Providers also are somewhat hogtied by what they see as onerous prescribing rules. Warwick asserts, for example, that “Drug Enforcement Administration rules complicate the prescribing of opioids in long-term care since the nurse is not always viewed as the agent in [that] setting.”
Wilborn agrees: “One problem is the feds decoupled the nurses' prescriptive authority away from us. So when patients go into a nursing home, or if they need an opioid or controlled substance, we actually have to call the pharmacist.
“It is very cumbersome, difficult [and] frustrating to call a long-term care pharmacy to order a scheduled substance for a patient who is in pain. In fact, many of the doctors just say, ‘I'm not doing this. There has to be a better way.' That's not the right answer.
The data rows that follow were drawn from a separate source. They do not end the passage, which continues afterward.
Lemma corruption_budget (eps : R) (n t : nat) : 0 < eps < 1 -> (0 < n)%N ->
  INR t <= / 1000 * eps ^ 2 * INR n / ln (INR n) -> 500 * INR t <= eps ^ 2 * INR n.
Proof.
move=> eps01 n_gt0 t_le; have := pos_INR n; have := pos_INR t.
have [n1|n_ge2] := leqP n 1.
  (* [ln 1 = 0] and [x / 0 = 0], so the hypothesis forces [t = 0]. *)
  have n_eq : n = 1%N by lia.
  by move: t_le; rewrite n_eq; change (INR 1) with 1; rewrite ln_1 Rdiv_0_r; nra.
have ln_gt : / 2 < ln (INR n).
  have : 2 <= INR n by have := le_INR 2 n (elimT leP n_ge2).
  case/Rle_lt_or_eq => [lt2 | <-]; last exact: ln_lt_2.
  by apply: Rlt_trans ln_lt_2 (ln_increasing _ _ _ lt2); lra.
have ln_pos : 0 < ln (INR n) by lra.
move: t_le; rewrite (Rle_div_iff _ _ ln_pos); nra.
Qed.

Lemma sample_budget (eps : R) (n s t : nat) : 0 < eps ->
  500 * INR t <= eps ^ 2 * INR n -> INR s * eps <= 9 -> (6 * s * s * t <= n)%N.
Proof.
move=> eps_gt0 t_le s_le; apply/leP/INR_le; rewrite !mult_INR.
have s_eps_sq : (INR s * eps) ^ 2 <= 81.
  have : 0 <= INR s * eps by apply: Rmult_le_pos; [exact: pos_INR | lra].
  by move: s_le; move: (INR s * eps) => u; rewrite /=; nra.
have : eps ^ 2 * (INR 6 * INR s * INR s * INR t) <= eps ^ 2 * INR n.
  have -> : INR 6 = 6 by rewrite INR_IZR_INZ.
  have := pos_INR t; move: s_eps_sq; rewrite /=; nra.
have : 0 < eps ^ 2 by apply: pow_lt.
move: (eps ^ 2) => e; nra.
Qed.

Lemma rejection_gap (eps : R) (n M s t d : nat) : 0 < eps < 1 -> (0 < n <= M)%N ->
  (6 * s * s * t <= n)%N -> 8 < INR s * eps -> eps * INR n <= INR d -> (d <= n)%N ->
  INR (M - (d - s * t) * (M %/ n)) <= INR M * (1 - eps / 4).
Proof.
move=> eps01 /andP [n_gt0 nM] budget s_big d_ge d_le.
set q := (M %/ n)%N.
have nq_le : INR n * INR q <= INR M.
  by have := le_INR _ _ (elimT leP (leq_divM M n)); rewrite mult_INR -/q; lra.
have M_le : INR M <= 2 * INR n * INR q.
  have : (M <= 2 * n * q)%N.
    have := ltn_ceil M n_gt0; have : (0 < q)%N by rewrite divn_gt0.
    rewrite -/q; nia.
  move/leP/le_INR; rewrite !mult_INR; have -> : INR 2 = 2 by []; lra.
have st_ge0 : 0 <= INR s * INR t by apply: Rmult_le_pos; exact: pos_INR.
have st_le : INR s * INR t * 48 <= eps * INR n.
  have := le_INR _ _ (elimT leP budget); rewrite !mult_INR.
  have -> : INR 6 = 6 by rewrite INR_IZR_INZ.
  have : 8 * (INR s * INR t) <= INR s * eps * (INR s * INR t) by nra.
  nra.
have st_d : (s * t <= d)%N by apply/leP/INR_le; rewrite mult_INR; lra.
have dq_le : ((d - s * t) * q <= M)%N.
  apply: leq_trans (_ : n * q <= M)%N; last by rewrite mulnC leq_divM.
  by rewrite leq_mul2r (leq_trans (leq_subr _ _) d_le) orbT.
rewrite minus_INR; last exact/leP.
rewrite mult_INR minus_INR; last exact/leP.
rewrite mult_INR.
have : (eps * INR n / 2) * INR q <= (INR d - INR s * INR t) * INR q.
  by apply: Rmult_le_compat_r; [exact: pos_INR | nra].
nra.
Qed.

Lemma rejection_margin (eps : R) (n M s t d : nat) : 0 < eps < 1 -> (0 < n <= M)%N ->
  (6 * s * s * t <= n)%N -> 8 < INR s * eps -> eps * INR n <= INR d -> (d <= n)%N ->
  (3 * (M - (d - s * t) * (M %/ n)) ^ s <= M ^ s)%N.
Proof.
move=> eps01 nM budget s_big d_ge d_le.
have gap := rejection_gap eps01 nM budget s_big d_ge d_le.
have pow_gap : INR (M - (d - s * t) * (M %/ n)) ^ s <= INR M ^ s * (1 - eps / 4) ^ s.
  by rewrite -Rpow_mult_distr; apply: pow_incr; split; [exact: pos_INR | exact: gap].
have third : (1 - eps / 4) ^ s <= / 3 by apply: pow_one_sub_le_third; lra.
have Ms_ge0 : 0 <= INR M ^ s by apply: pow_le; exact: pos_INR.
apply/leP/INR_le; rewrite mult_INR !INR_expn.
have -> : INR 3 = 3 by rewrite INR_IZR_INZ.
move: pow_gap third Ms_ge0; move: (INR M ^ s) ((1 - eps / 4) ^ s) => P g; nra.
Qed.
Now you have a patient who is in potentially worse pain who is not being treated.”
Smith said last year, CMS hinted in its proposed “mega rule” to disallow PRN orders for opiates without a documented “need” after 48 hours of nursing home admission.
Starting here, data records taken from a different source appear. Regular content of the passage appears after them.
(* Let $n>5$ with $n\equiv 0\pmod 4$, and consider even $r\in[2,n-2]$. (i) For $r\equiv 0\pmod 4$, $E(D_n^s[r,\boldsymbol{n-r}])$ is strictly increasing in $r$; hence $E(D_n^s[n-4,\boldsymbol 4])>E(D_n^s[n-8,\boldsymbol 8])>\dots>E(D_n^s[8,\boldsymbol{n-8}])>E(D_n^s[4,\boldsymbol{n-4}])$, and the maximum over such $r$ is attained by $D_n^s[n-4,\boldsymbol 4]$ (negative cycle of length $4$). (ii) For $r\equiv 2\pmod 4$, $E(D_n^s[r,\boldsymbol{n-r}])$ is strictly decreasing in $r$; hence $E(D_n^s[2,\boldsymbol{n-2}])>E(D_n^s[6,\boldsymbol{n-6}])>\dots>E(D_n^s[n-6,\boldsymbol 6])>E(D_n^s[n-2,\boldsymbol 2])$, and the maximum over such $r$ is attained at $r=2$.
   Context: A signed digraph (sidigraph) is a digraph in which every arc carries a sign $+1$ or $-1$; its adjacency matrix $A(S)=[a_{ij}]$ has $a_{ij}$ equal to the sign of the arc $w_iw_j$ if it exists and $0$ otherwise. If $\rho_1,\dots,\rho_n$ are the eigenvalues of $A(S)$, the energy of $S$ is $E(S)=\sum_{k=1}^n|\mathrm{Re}(\rho_k)|$. The sign of a directed cycle is the product of the signs of its arcs. For $k\ge 2$, $C_k$ denotes a directed cycle of length $k$ with sign $+1$ and $\boldsymbol{C}_k$ a directed cycle of length $k$ with sign $-1$. It is known that $E(C_k)=2\cot\frac{\pi}{k}$ if $k\equiv0\pmod 4$, $2\csc\frac{\pi}{k}$ if $k\equiv 2\pmod 4$, $\csc\frac{\pi}{2k}$ if $k$ is odd; and $E(\boldsymbol C_k)=2\csc\frac{\pi}{k}$ if $k\equiv0\pmod 4$, $2\cot\frac{\pi}{k}$ if $k\equiv 2\pmod 4$, $\csc\frac{\pi}{2k}$ if $k$ is odd. For integers $p,q\ge 2$ with $p+q\le n$, $D_n^s[p,q]$, $D_n^s[\boldsymbol p,\boldsymbol q]$, $D_n^s[\boldsymbol p,q]$, $D_n^s[p,\boldsymbol q]$ denote an $n$-vertex sidigraph whose only directed cycles are two vertex-disjoint cycles of lengths $p$ and $q$ (all other vertices lying on no directed cycle), where a bold entry indicates that the cycle of that length is negative and a non-bold entry that it is positive. Its energy is the sum of the energies of its two cycles, e.g. $E(D_n^s[p,\boldsymbol q])=E(C_p)+E(\boldsymbol C_q)$; in particular the order of the two entries does not matter. *)

From Stdlib Require Import Reals Arith.
Open Scope R_scope.

Definition cot (x : R) : R := cos x / sin x.
Definition csc (x : R) : R := / sin x.

Definition E_poscycle (k : nat) : R :=
  if (k mod 4 =? 0)%nat then 2 * cot (PI / INR k)
  else if (k mod 4 =? 2)%nat then 2 * csc (PI / INR k)
  else csc (PI / (2 * INR k)).

Definition E_negcycle (k : nat) : R :=
  if (k mod 4 =? 0)%nat then 2 * csc (PI / INR k)
  else if (k mod 4 =? 2)%nat then 2 * cot (PI / INR k)
  else csc (PI / (2 * INR k)).

(* Energy of D_n^s[p, bold q]: positive p-cycle and negative q-cycle,
   vertex-disjoint, all other vertices on no cycle.  E = E(C_p) + E(bold C_q). *)
Definition E_D_pos_neg (p q : nat) : R := E_poscycle p + E_negcycle q.

From Stdlib Require Import Reals Arith Lra Lia ZifyNat.
From Coquelicot Require Import Coquelicot.
Open Scope R_scope.

(* For n ≡ 0 (mod 4) and an even r, the two cycles of
   D_n^s[r, bold (n-r)] have lengths of the same residue mod 4, and in both
   cases the energy is a value of the single real function
     split_energy N t = 2 cot (π/t) + 2 csc (π/(N-t)),   N = n,
   namely at t = r when r ≡ 0 (mod 4) and at t = n - r when r ≡ 2 (mod 4).
   So both parts of the theorem follow from one analytic fact: t ↦ split_energy N t
   is strictly increasing on [2, N-2].  Its derivative is
     2π / (t² sin²(π/t)) - 2π cos(π/s) / (s² sin²(π/s)),   s = N - t;
   the first term is at least 2/π because t sin(π/t) ≤ π, and the second is
   below 2/π because b² cos b < sin² b for 0 < b ≤ π/2 (Taylor bounds), so the
   derivative is positive and the mean value theorem gives monotonicity. *)

(* b² cos b < sin² b on (0, π/2], from sin b ≥ b - b³/6 and cos b ≤ 1 - b²/2 + b⁴/24. *)
Lemma sq_mul_cos_lt_sin_sq (b : R) : 0 < b <= PI / 2 -> b * b * cos b < sin b * sin b.
Proof.
  intros [Hb_pos Hb_le].
  assert (HPI := PI_4).
  destruct (sin_bound b 0) as [Hsin _]; try lra.
  destruct (cos_bound b 0) as [_ Hcos]; try lra.
  unfold sin_approx, cos_approx in *; simpl in *.
  unfold sin_term, cos_term in *; simpl in *.
  assert (Hsin' : b - b * b * b / 6 <= sin b) by lra.
  assert (Hcos' : cos b <= 1 - b * b / 2 + b * b * b * b / 24) by lra.
  clear Hsin Hcos.
  assert (Hb2 : b <= 2) by lra.
  assert (Hlow_pos : 0 < b - b * b * b / 6) by nra.
  assert (Hsin_sq : sin b * sin b >= (b - b * b * b / 6) * (b - b * b * b / 6)) by nra.
  assert (Hcos_mul : b * b * cos b <= b * b * (1 - b * b / 2 + b * b * b * b / 24))
    by (apply Rmult_le_compat_l; nra).
  assert (Hb4 : 0 < b * b * b * b * (12 - b * b)).
  { assert (0 < b * b) by nra. assert (0 < b * b * b * b) by nra.
    apply Rmult_lt_0_compat; nra. }
  nra.
Qed.

Lemma pi_div_bounds (t : R) : 2 <= t -> 0 < PI / t <= PI / 2 /\ 0 < sin (PI / t).
Proof.
  intros Ht. assert (HPI := PI_RGT_0).
  assert (Hpos : 0 < PI / t) by (apply Rdiv_lt_0_compat; lra).
  assert (Hle : PI / t <= PI / 2)
    by (apply Rmult_le_compat_l; [lra | apply Rinv_le_contravar; lra]).
  split; [lra |]. apply sin_gt_0; lra.
Qed.

Definition cot_slope (t : R) : R := 2 * PI / (t ^ 2 * sin (PI / t) ^ 2).

Definition csc_slope (s : R) : R :=
  2 * PI * cos (PI / s) / (s ^ 2 * sin (PI / s) ^ 2).

Lemma is_derive_cot_energy (t : R) :
  2 <= t -> is_derive (fun t => 2 * cot (PI / t)) t (cot_slope t).
Proof.
  intros Ht. destruct (pi_div_bounds t Ht) as [_ Hsin].
  unfold cot, cot_slope, Rdiv in *.
  auto_derive; [repeat split; lra |].
  assert (Hpyth := sin2_cos2 (PI * / t)). unfold Rsqr in Hpyth.
  field_simplify; try (repeat split; lra).
  replace (cos (PI * / t) ^ 2) with (1 - sin (PI * / t) ^ 2) by (simpl; lra).
  f_equal; ring.
Qed.

Lemma is_derive_csc_energy (N t : R) :
  2 <= N - t -> is_derive (fun t => 2 * csc (PI / (N - t))) t (- csc_slope (N - t)).
Proof.
  intros Hs. destruct (pi_div_bounds (N - t) Hs) as [_ Hsin].
  unfold csc, csc_slope, Rdiv, Rminus in *.
  auto_derive; [repeat split; lra |].
  field; lra.
Qed.

(* Since t sin(π/t) ≤ π, the cotangent slope is at least 2/π. *)
Lemma cot_slope_ge (t : R) : 2 <= t -> 2 / PI <= cot_slope t.
Proof.
  intros Ht. assert (HPI := PI_RGT_0).
  destruct (pi_div_bounds t Ht) as [Hang Hsin].
  assert (Hsin_lt : sin (PI / t) < PI / t) by (apply sin_lt_x; lra).
  assert (Hprod : 0 < t * sin (PI / t) <= PI).
  { split; [apply Rmult_lt_0_compat; lra |].
    replace PI with (t * (PI / t)) at 2 by (field; lra).
    apply Rmult_le_compat_l; lra. }
  unfold cot_slope.
  replace (t ^ 2 * sin (PI / t) ^ 2) with ((t * sin (PI / t)) * (t * sin (PI / t))) by ring.
  replace (2 / PI) with (2 * PI / (PI * PI)) by (field; lra).
  apply Rmult_le_compat_l; [lra |].
  apply Rinv_le_contravar; [nra |].
  apply Rmult_le_compat; lra.
Qed.

(* By b² cos b < sin² b with b = π/s, the cosecant slope is below 2/π. *)
Lemma csc_slope_lt (s : R) : 2 <= s -> csc_slope s < 2 / PI.
Proof.
  intros Hs. assert (HPI := PI_RGT_0).
  destruct (pi_div_bounds s Hs) as [Hang Hsin].
  assert (Hkey := sq_mul_cos_lt_sin_sq (PI / s) Hang).
  set (Y := s ^ 2 * sin (PI / s) ^ 2).
  assert (HY : 0 < Y) by (apply Rmult_lt_0_compat; apply pow_lt; lra).
  assert (Hcos_Y : PI * PI * cos (PI / s) < Y).
  { replace (PI * PI) with (s * s * (PI / s * (PI / s))) by (field; lra).
    unfold Y. simpl.
    replace (s * s * (PI / s * (PI / s)) * cos (PI / s))
      with (s * s * (PI / s * (PI / s) * cos (PI / s))) by ring.
    replace (s * (s * 1) * (sin (PI / s) * (sin (PI / s) * 1)))
      with (s * s * (sin (PI / s) * sin (PI / s))) by ring.
    apply Rmult_lt_compat_l; nra. }
  unfold csc_slope. fold Y.
  apply (Rmult_lt_reg_r (PI * Y)); [nra |].
  replace (2 * PI * cos (PI / s) / Y * (PI * Y)) with (2 * (PI * PI * cos (PI / s)))
    by (field; lra).
  replace (2 / PI * (PI * Y)) with (2 * Y) by (field; lra).
  lra.
Qed.

(* The common shape of the energies: positive cycle of length t counted by a
   cotangent, negative cycle of length N - t counted by a cosecant. *)
Definition split_energy (N t : R) : R := 2 * cot (PI / t) + 2 * csc (PI / (N - t)).

Lemma split_energy_increasing (N x y : R) :
  2 <= x -> x < y -> y <= N - 2 -> split_energy N x < split_energy N y.
Proof.
  intros Hx Hxy Hy.
  destruct (MVT_cor2 (split_energy N) (fun t => cot_slope t + - csc_slope (N - t)) x y Hxy)
    as [c [Hmvt Hc]].
  { intros t Ht. apply is_derive_Reals.
    apply (is_derive_plus (fun t => 2 * cot (PI / t)) (fun t => 2 * csc (PI / (N - t)))).
    - apply is_derive_cot_energy; lra.
    - apply is_derive_csc_energy; lra. }
  assert (Hslope : 0 < cot_slope c - csc_slope (N - c)).
  { assert (Hcot := cot_slope_ge c ltac:(lra)).
    assert (Hcsc := csc_slope_lt (N - c) ltac:(lra)). lra. }
  assert (Hgap : 0 < split_energy N y - split_energy N x)
    by (rewrite Hmvt; apply Rmult_lt_0_compat; lra).
  lra.
Qed.

(* For r ≡ n ≡ 0 (mod 4) both cycle lengths are ≡ 0 (mod 4): the positive
   r-cycle contributes 2 cot (π/r) and the negative one 2 csc (π/(n-r)). *)
Lemma energy_split_0mod4 (n r : nat) :
  (n mod 4 = 0)%nat -> (r mod 4 = 0)%nat -> (r <= n)%nat ->
  E_D_pos_neg r (n - r) = split_energy (INR n) (INR r).
Proof.
  intros Hn Hr Hle.
  assert (Hnr : ((n - r) mod 4 = 0)%nat) by lia.
  unfold E_D_pos_neg, E_poscycle, E_negcycle, split_energy.
  rewrite Hr, Hnr, minus_INR by exact Hle. reflexivity.
Qed.

(* For r ≡ 2, n ≡ 0 (mod 4) both cycle lengths are ≡ 2 (mod 4): now the
   negative (n-r)-cycle contributes the cotangent, so the roles of r and n-r
   in split_energy are exchanged. *)
Lemma energy_split_2mod4 (n r : nat) :
  (n mod 4 = 0)%nat -> (r mod 4 = 2)%nat -> (r <= n)%nat ->
  E_D_pos_neg r (n - r) = split_energy (INR n) (INR (n - r)).
Proof.
  intros Hn Hr Hle.
  assert (Hnr : ((n - r) mod 4 = 2)%nat) by lia.
  unfold E_D_pos_neg, E_poscycle, E_negcycle, split_energy.
  rewrite Hr, Hnr. simpl.
  rewrite minus_INR by exact Hle.
  replace (INR n - (INR n - INR r)) with (INR r) by ring.
  ring.
Qed.

Lemma split_energy_lt_nat (n a b : nat) :
  (2 <= a)%nat -> (a < b)%nat -> (b <= n - 2)%nat ->
  split_energy (INR n) (INR a) < split_energy (INR n) (INR b).
Proof.
  intros Ha Hab Hb. apply split_energy_increasing.
  - apply (le_INR 2 a) in Ha. simpl in Ha. lra.
  - apply lt_INR, Hab.
  - assert (Hn2 : (2 <= n)%nat) by lia.
    apply le_INR in Hb. rewrite minus_INR in Hb by exact Hn2. simpl in Hb. lra.
Qed.

Theorem lemma3p3 (n : nat) (Hn : (5 < n)%nat) (Hn4 : (n mod 4 = 0)%nat) :
  (* (i) r ≡ 0 mod 4: strictly increasing, maximum at r = n-4 *)
  ((forall r r' : nat,
      (2 <= r)%nat -> (r' <= n - 2)%nat -> (r mod 4 = 0)%nat -> (r' mod 4 = 0)%nat ->
      (r < r')%nat ->
      E_D_pos_neg r (n - r) < E_D_pos_neg r' (n - r')) /\
   (forall r : nat,
      (2 <= r)%nat -> (r <= n - 2)%nat -> (r mod 4 = 0)%nat ->
      E_D_pos_neg r (n - r) <= E_D_pos_neg (n - 4) 4)) /\
  (* (ii) r ≡ 2 mod 4: strictly decreasing, maximum at r = 2 *)
  ((forall r r' : nat,
      (2 <= r)%nat -> (r' <= n - 2)%nat -> (r mod 4 = 2)%nat -> (r' mod 4 = 2)%nat ->
      (r < r')%nat ->
      E_D_pos_neg r' (n - r') < E_D_pos_neg r (n - r)) /\
   (forall r : nat,
      (2 <= r)%nat -> (r <= n - 2)%nat -> (r mod 4 = 2)%nat ->
      E_D_pos_neg r (n - r) <= E_D_pos_neg 2 (n - 2))).
Proof.
  split; split.
  - intros r r' Hr Hr' Hr4 Hr'4 Hlt.
    rewrite !energy_split_0mod4 by lia.
    apply split_energy_lt_nat; lia.
  - intros r Hr Hr' Hr4.
    replace (E_D_pos_neg (n - 4) 4) with (E_D_pos_neg (n - 4) (n - (n - 4)))
      by (f_equal; lia).
    rewrite !energy_split_0mod4 by lia.
    destruct (Nat.eq_dec r (n - 4)) as [-> | Hne]; [apply Rle_refl |].
    left. apply split_energy_lt_nat; lia.
  - intros r r' Hr Hr' Hr4 Hr'4 Hlt.
    rewrite !energy_split_2mod4 by lia.
    apply split_energy_lt_nat; lia.
  - intros r Hr Hr' Hr4.
    rewrite !energy_split_2mod4 by lia.
    destruct (Nat.eq_dec r 2) as [-> | Hne]; [apply Rle_refl |].
    left. apply split_energy_lt_nat; lia.
Qed.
“That would be huge,” Smith says. “And I think you'd see people running away from writing PRN orders, especially with the hydrocodone products, if this legislation is passed.”
Grosso believes the problem lies in poor, lagging communication during care transitions.
“This is due primarily to the current requirements for direct communication of verbal prescriptions from the prescriber to the dispensing pharmacist,” he says. “The DEA only recognizes the center's nurse as an agent of the physician in rare cases where specific written contractual arrangements are already in place.”
Grosso said ASCP and other stakeholders are working with the agency “to allow an appropriately licensed nurse in a skilled nursing center to assist in the communication process to assure patient needs are met with fewer technical delays.”
All of these challenges will become less of a problem only when clinicians start paying closer attention to managing pain in particular, and medications in general.
“What complicates this is inadequate physician clinical attention to patients' overall conditions,” Wilborn adds. “This is a medical management issue that rests at physicians' feet. But that's not to say that it wouldn't be nice to have some help.”
But the help for some may not benefit physicians, as funding remains focused around fighting addiction. The Obama administration said at the end of August that it would distribute $53 million to 44 states in an effort to curb opioid abuse. The money will be focused on overprescribing of pain killers, increased access to treatment and making sure the antidote naloxone is widely available. It's anyone's guess how the next administration will handle the sticky wicket of opioids.